_What you need to do_
Please repeat exactly the lines below from the one containing "by move=> lt1d;" down to the one containing "by apply/andP/eqP =>", both included, and nothing else.

_Data provided_

(* Let $d\ge 1$, let $\mathcal{A}\in\mathbb{R}^{n_1\times n_2\times\cdots\times n_d}$, let $p\in\{1,\dots,d\}$, and let $R$ be the number of nonzero $p$-fibers of $\mathcal{A}$. Then $\mathcal{A}$ is equal to a tensor train with TT ranks $r_0=r_d=1$ and $r_k=R$ for $1\le k\le d-1$; that is, there exist cores $\mathcal{G}^{(k)}\in\mathbb{R}^{r_{k-1}\times n_k\times r_k}$, $k=1,\dots,d$, with $$\mathcal{A}(i_1,\dots,i_d)=\mathcal{G}^{(1)}(:,i_1,:)\,\mathcal{G}^{(2)}(:,i_2,:)\cdots\mathcal{G}^{(d)}(:,i_d,:)\quad\text{for all }(i_1,\dots,i_d),$$ such that every core $\mathcal{G}^{(k)}$ with $k\neq p$ has all its entries in $\{0,1\}$ (i.e. $\mathcal{G}^{(k)}\in\{0,1\}^{r_{k-1}\times n_k\times r_k}$), while $\mathcal{G}^{(p)}\in\mathbb{R}^{r_{k-1}\times n_p\times r_p}$ is real-valued.
   Context: For $p\in\{1,\dots,d\}$, a $p$-fiber of $\mathcal{A}$ is a vector obtained by fixing all indices except the $p$-th: for a fixed multi-index $(i_1,\dots,i_{p-1},i_{p+1},\dots,i_d)$, the vector $\mathcal{A}(i_1,\dots,i_{p-1},:,i_{p+1},\dots,i_d)\in\mathbb{R}^{n_p}$. A $p$-fiber is nonzero if it is not the zero vector. A tensor train (TT) with cores $\mathcal{G}^{(k)}\in\mathbb{R}^{r_{k-1}\times n_k\times r_k}$, $r_0=r_d=1$, represents the tensor whose entries are the products of the matrices $\mathcal{G}^{(k)}(:,i_k,:)\in\mathbb{R}^{r_{k-1}\times r_k}$ as displayed; the $r_k$ are called TT ranks. *)

From HB Require Import structures.
From mathcomp Require Import all_boot all_order all_algebra.
From mathcomp Require Import reals.
Set Implicit Arguments. Unset Strict Implicit. Unset Printing Implicit Defensive.
Import Order.TTheory GRing.Theory Num.Theory.
Local Open Scope ring_scope.

Section TT.
Variable (R : realType) (d : nat) (n : 'I_d -> nat).

Definition mindex := {dffun forall k : 'I_d, 'I_(n k)}.

Definition tensor := mindex -> R.

(* The position of the p-fiber through i: all coordinates except the p-th. *)
Definition fiber_pos (p : 'I_d) (i : mindex)
  : {dffun forall k : 'I_d, option 'I_(n k)} :=
  [ffun k => if k == p then None else Some (i k)].

Definition fiber_nonzero (A : tensor) (p : 'I_d)
  (q : {dffun forall k : 'I_d, option 'I_(n k)}) : bool :=
  [exists i : mindex, (fiber_pos p i == q) && (A i != 0)].

Definition nnz_fibers (A : tensor) (p : 'I_d) : nat :=
  #|[set q | fiber_nonzero A p q]|.

Definition tt_rank (Rk j : nat) : nat := if (j == 0)%N || (j == d) then 1%N else Rk.

Lemma tt_rank_d_gt0 Rk : (0 < tt_rank Rk d)%N.
Proof. by rewrite /tt_rank eqxx orbT. Qed.

Section Eval.
Variable (Rk : nat).
Variable (G : forall k : 'I_d, 'I_(n k) -> 'M[R]_(tt_rank Rk k, tt_rank Rk k.+1)).
Variable (i : mindex).

Fixpoint tt_left (m : nat) : (m <= d)%N -> 'M[R]_(1, tt_rank Rk m) :=
  match m return (m <= d)%N -> 'M[R]_(1, tt_rank Rk m) with
  | 0 => fun _ => (1%:M : 'M[R]_1)
  | m'.+1 => fun H => @tt_left m' (ltnW H) *m @G (Ordinal H) (i (Ordinal H))
  end.

Definition tt_eval : R :=
  @tt_left d (leqnn d) ord0 (Ordinal (tt_rank_d_gt0 Rk)).
End Eval.
End TT.

From HB Require Import structures.
From mathcomp Require Import all_boot all_order all_algebra.
From mathcomp Require Import reals zify.
Import Order.TTheory GRing.Theory Num.Theory.
Local Open Scope ring_scope.
Set Implicit Arguments. Unset Strict Implicit. Unset Printing Implicit Defensive.

(* Let q_1, ..., q_R enumerate the nonzero p-fibers.  Every entry of A lies on
   exactly one p-fiber, so A(i) = sum_x prod_k u_k(i_k, x), where for k <> p the
   factor u_k(j, x) is the 0/1 indicator that q_x passes through coordinate j in
   mode k, and u_p(j, x) is the j-th entry of q_x.  Any such sum of R rank-one
   tensors is a tensor train with inner ranks R whose cores are diagonal,
   G^(k)(:, j, :) = diag(u_k(j, .)) (a row for the first core, a column for the
   last), so each entry of a core is 0 or an entry of u_k. *)

Lemma big_ord_ltnS (T : Type) (idx : T) (op : Monoid.com_law idx) d m
    (F : 'I_d -> T) (ltmd : (m < d)%N) :
  \big[op/idx]_(k : 'I_d | (k < m.+1)%N) F k =
  op (\big[op/idx]_(k : 'I_d | (k < m)%N) F k) (F (Ordinal ltmd)).
Proof.
rewrite (bigD1 (Ordinal ltmd)) //= Monoid.mulmC; congr (op _ _).
apply: eq_bigl => k; rewrite ltnS ltn_neqAle andbC.
by congr andb; apply/negP/negP => [/eqP/val_inj|/eqP ->].
Qed.

Lemma big_subsingleton (T : Type) (idx : T) (op : Monoid.law idx) (I : finType)
    (P : pred I) (F : I -> T) :
  {in P &, forall x y, x = y} ->
  \big[op/idx]_(x | P x) F x = idx \/ exists x, \big[op/idx]_(x | P x) F x = F x.
Proof.
case: (pickP P) => [x Px | P0] P_uniq; last by left; apply: big_pred0.
right; exists x; apply: big_pred1 => y /=.
by apply/idP/eqP => [Py | ->]; [apply: P_uniq | ].
Qed.

Lemma tt_leftS (R : realType) d (n : 'I_d -> nat) Rk
    (G : forall k : 'I_d, 'I_(n k) -> 'M[R]_(tt_rank d Rk k, tt_rank d Rk k.+1))
    (i : mindex n) m (ltmd : (m < d)%N) :
  tt_left G i ltmd = tt_left G i (ltnW ltmd) *m G _ (i (Ordinal ltmd)).
Proof. by []. Qed.

Section CPToTT.
Variables (R : realType) (d : nat) (n : 'I_d -> nat) (Rk : nat).
Variable u : forall k : 'I_d, 'I_(n k) -> 'I_Rk -> R.

(* Index [a] of the bond [m] (between cores [m - 1] and [m]) carries the term [x];
   the boundary bonds have dimension 1 and carry every term. *)
Definition bond_match (m a : nat) (x : 'I_Rk) : bool :=
  [|| m == 0, m == d | a == x :> nat]%N.

Definition bond_vec (m : nat) (x : 'I_Rk) : 'rV[R]_(tt_rank d Rk m) :=
  \row_a (bond_match m a x)%:R.

Definition cp_core (k : 'I_d) (j : 'I_(n k)) :
    'M[R]_(tt_rank d Rk k, tt_rank d Rk k.+1) :=
  \sum_(x < Rk) u j x *: ((bond_vec k x)^T *m bond_vec k.+1 x).

Lemma tt_rank_inner m : (0 < m < d)%N -> tt_rank d Rk m = Rk.
Proof. by case/andP=> m_gt0 ltmd; rewrite /tt_rank gtn_eqF // ltn_eqF. Qed.

Lemma bond_vec_inner m x y : (0 < m < d)%N ->
  bond_vec m x *m (bond_vec m y)^T = (x == y)%:R%:M.
Proof.
move=> /[dup] /andP[m_gt0 ltmd] /tt_rank_inner rkm.
apply/matrixP => a b; rewrite !ord1 !mxE.
under eq_bigr => c _ do
  rewrite !mxE /bond_match gtn_eqF // ltn_eqF // -natrM mulnb /=.
rewrite (eq_bigr (fun c : 'I_(tt_rank d Rk m) =>
                    if c == x :> nat then (c == y :> nat)%:R else 0)); last first.
  by move=> c _; case: (c == x :> nat).
by rewrite -big_mkcond (big_ord1_eq _ (fun c => (c == y :> nat)%:R)) rkm ltn_ord.
Qed.

Lemma bond_vec0 x : bond_vec 0 x = 1%:M.
Proof. by apply/matrixP => a b; rewrite !ord1 !mxE /bond_match. Qed.

Lemma tt_left_cp_core (i : mindex n) m (lemd : (m <= d)%N) : (0 < m)%N ->
  tt_left cp_core i lemd =
  \sum_(x < Rk) (\prod_(k : 'I_d | (k < m)%N) u (i k) x) *: bond_vec m x.
Proof.
elim: m lemd => [//|[|m] IH] ltmd _; rewrite tt_leftS /cp_core.
  rewrite mul1mx; apply: eq_bigr => x _.
  by rewrite bond_vec0 trmx1 mul1mx big_ord_ltnS big_pred0 //= mul1r.
rewrite IH // mulmx_suml; apply: eq_bigr => x _; rewrite mulmx_sumr.
under eq_bigr => y _ do rewrite -scalemxAl -scalemxAr scalerA mulmxA
  bond_vec_inner // mul_scalar_mx scalerA.
rewrite (bigD1 x) //= eqxx mulr1 (big_ord_ltnS _ _ ltmd).
rewrite [X in _ + X]big1 ?addr0 // => y.
by rewrite eq_sym => /negbTE ->; rewrite mulr0 scale0r.
Qed.

Lemma tt_eval_cp_core (i : mindex n) : (0 < d)%N ->
  tt_eval cp_core i = \sum_(x < Rk) \prod_(k < d) u (i k) x.
Proof.
move=> d_gt0; rewrite /tt_eval tt_left_cp_core // summxE.
apply: eq_bigr => x _; rewrite !mxE /bond_match eqxx orbT mulr1.
by apply: eq_bigl => k; rewrite ltn_ord.
Qed.

Lemma cp_coreE k (j : 'I_(n k)) a b :
  cp_core j a b = \sum_(x < Rk | bond_match k a x && bond_match k.+1 b x) u j x.
Proof.
rewrite summxE [RHS]big_mkcond; apply: eq_bigr => x _.
by rewrite !mxE big_ord1 !mxE -natrM mulnb; case: ifP; rewrite ?mulr1 ?mulr0.
Qed.

Lemma bond_match_uniq k a b : (1 < d)%N -> (k < d)%N ->
  {in [pred x | bond_match k a x && bond_match k.+1 b x] &, forall x y, x = y}.
Proof.
move=> lt1d ltkd x y; rewrite !inE /bond_match /= (ltn_eqF ltkd).
have [-> | k_gt0] := posnP k; rewrite ?(ltn_eqF lt1d) ?(gtn_eqF k_gt0) /=.
  by move=> /eqP bx /eqP by_; apply: ord_inj; rewrite -bx -by_.
by move=> /andP[/eqP ax _] /andP[/eqP ay _]; apply: ord_inj; rewrite -ax -ay.
Qed.

Lemma cp_core_entry k (j : 'I_(n k)) a b : (1 < d)%N ->
  cp_core j a b = 0 \/ exists x, cp_core j a b = u j x.
Proof.
by move=> lt1d; rewrite cp_coreE; apply: big_subsingleton; apply: bond_match_uniq.
Qed.

End CPToTT.

Section Fibers.
Variables (R : realType) (d : nat) (n : 'I_d -> nat) (A : tensor R n) (p : 'I_d).

Local Notation position := {dffun forall k : 'I_d, option 'I_(n k)}.

Definition nz_fibers : {set position} := [set q | fiber_nonzero A p q].

(* For [k = p] the sum has at most one term: the [j]-th entry of the fiber at
   [q]. *)
Definition fiber_factor (q : position) (k : 'I_d) (j : 'I_(n k)) : R :=
  if k == p then \sum_(i : mindex n | (fiber_pos p i == q) && (i k == j)) A i
  else (q k == Some j)%:R.
Arguments fiber_factor : clear implicits.

Lemma fiber_pos_p (i : mindex n) : fiber_pos p i p = None.
Proof. by rewrite ffunE eqxx. Qed.

Lemma fiber_pos_inj (i1 i2 : mindex n) :
  fiber_pos p i1 = fiber_pos p i2 -> i1 p = i2 p -> i1 = i2.
Proof.
move=> /ffunP eq12 eq12p; apply/ffunP => k.
have [-> // | kp] := eqVneq k p.
by move: (eq12 k); rewrite !ffunE (negbTE kp) => -[].
Qed.

Lemma fiber_factor_pos (i : mindex n) :
  fiber_factor (fiber_pos p i) p (i p) = A i.
Proof.
rewrite /fiber_factor eqxx (big_pred1 i) // => i' /=.
by apply/andP/eqP => [[/eqP ? /eqP ?] | ->]; first exact: fiber_pos_inj.
Qed.

Lemma prod_fiber_factor (q : position) (i : mindex n) : q p = None ->
  \prod_k fiber_factor q k (i k) = (q == fiber_pos p i)%:R * A i.
Proof.
move=> qp; rewrite (bigD1 p) //=.
have [-> | ] := eqVneq q (fiber_pos p i).
  rewrite fiber_factor_pos big1 ?mulr1 ?mul1r // => k kp.
  by rewrite /fiber_factor (negbTE kp) ffunE (negbTE kp) eqxx.
rewrite mul0r; apply: contra_neq_eq.
rewrite mulf_eq0 negb_or => /andP[_ /prodf_neq0 qi].
apply/ffunP => k; rewrite ffunE; have [-> // | kp] := eqVneq k p.
move: (qi k kp); rewrite /fiber_factor (negbTE kp) pnatr_eq0 eqb0 negbK.
by move=> /eqP.
Qed.

Lemma nz_fiber_p q : q \in nz_fibers -> q p = None.
Proof. by rewrite inE => /existsP[i /andP[/eqP <- _]]; apply: fiber_pos_p. Qed.

Lemma sum_nz_fibers (i : mindex n) :
  A i = \sum_(q in nz_fibers) \prod_k fiber_factor q k (i k).
Proof.
under eq_bigr => q /nz_fiber_p qp do rewrite prod_fiber_factor //.
have [Fi | nFi] := boolP (fiber_pos p i \in nz_fibers).
  rewrite (bigD1 _ Fi) //= eqxx mul1r big1 ?addr0 // => q /andP[_ /negbTE ->].
  by rewrite mul0r.
have -> : A i = 0.
  apply/eqP; move: nFi; rewrite inE negb_exists => /forallP/(_ i).
  by rewrite eqxx negbK.
by rewrite big1 // => q _; rewrite mulr0.
Qed.

End Fibers.

Arguments fiber_factor {R d n} A p q k j.

Theorem theorem1 (R : realType) (d : nat) (n : 'I_d -> nat)
    (A : tensor R n) (p : 'I_d) :
  (1 <= d)%N ->
  exists G : forall k : 'I_d,
      'I_(n k) -> 'M[R]_(tt_rank d (nnz_fibers A p) k,
                         tt_rank d (nnz_fibers A p) k.+1),
    (forall i : mindex n, A i = tt_eval G i) /\
    (forall k : 'I_d, k != p ->
       forall (j : 'I_(n k)) a b, G k j a b = 0 \/ G k j a b = 1).
Proof.
move=> d_gt0.
pose u k j (x : 'I_(nnz_fibers A p)) := fiber_factor A p (enum_val x) k j.
exists (cp_core u); split.
  by move=> i; rewrite tt_eval_cp_core // (sum_nz_fibers A p i) big_enum_val.
move=> k kp j a b.
have lt1d : (1 < d)%N.
  rewrite ltnNge; apply: contra kp => led1; apply/eqP/ord_inj.
  by move: (ltn_ord k) (ltn_ord p); lia.
have [-> | [x ->]] := cp_core_entry u j a b lt1d; first by left.
by rewrite /u /fiber_factor (negbTE kp); case: eqP; [right | left].
Qed.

_Solution to the exercise_
by move=> lt1d; rewrite cp_coreE; apply: big_subsingleton; apply: bond_match_uniq.
Qed.

End CPToTT.

Section Fibers.
Variables (R : realType) (d : nat) (n : 'I_d -> nat) (A : tensor R n) (p : 'I_d).

Local Notation position := {dffun forall k : 'I_d, option 'I_(n k)}.

Definition nz_fibers : {set position} := [set q | fiber_nonzero A p q].

(* For [k = p] the sum has at most one term: the [j]-th entry of the fiber at
   [q]. *)
Definition fiber_factor (q : position) (k : 'I_d) (j : 'I_(n k)) : R :=
  if k == p then \sum_(i : mindex n | (fiber_pos p i == q) && (i k == j)) A i
  else (q k == Some j)%:R.
Arguments fiber_factor : clear implicits.

Lemma fiber_pos_p (i : mindex n) : fiber_pos p i p = None.
Proof. by rewrite ffunE eqxx. Qed.

Lemma fiber_pos_inj (i1 i2 : mindex n) :
  fiber_pos p i1 = fiber_pos p i2 -> i1 p = i2 p -> i1 = i2.
Proof.
move=> /ffunP eq12 eq12p; apply/ffunP => k.
have [-> // | kp] := eqVneq k p.
by move: (eq12 k); rewrite !ffunE (negbTE kp) => -[].
Qed.

Lemma fiber_factor_pos (i : mindex n) :
  fiber_factor (fiber_pos p i) p (i p) = A i.
Proof.
rewrite /fiber_factor eqxx (big_pred1 i) // => i' /=.
by apply/andP/eqP => [[/eqP ? /eqP ?] | ->]; first exact: fiber_pos_inj.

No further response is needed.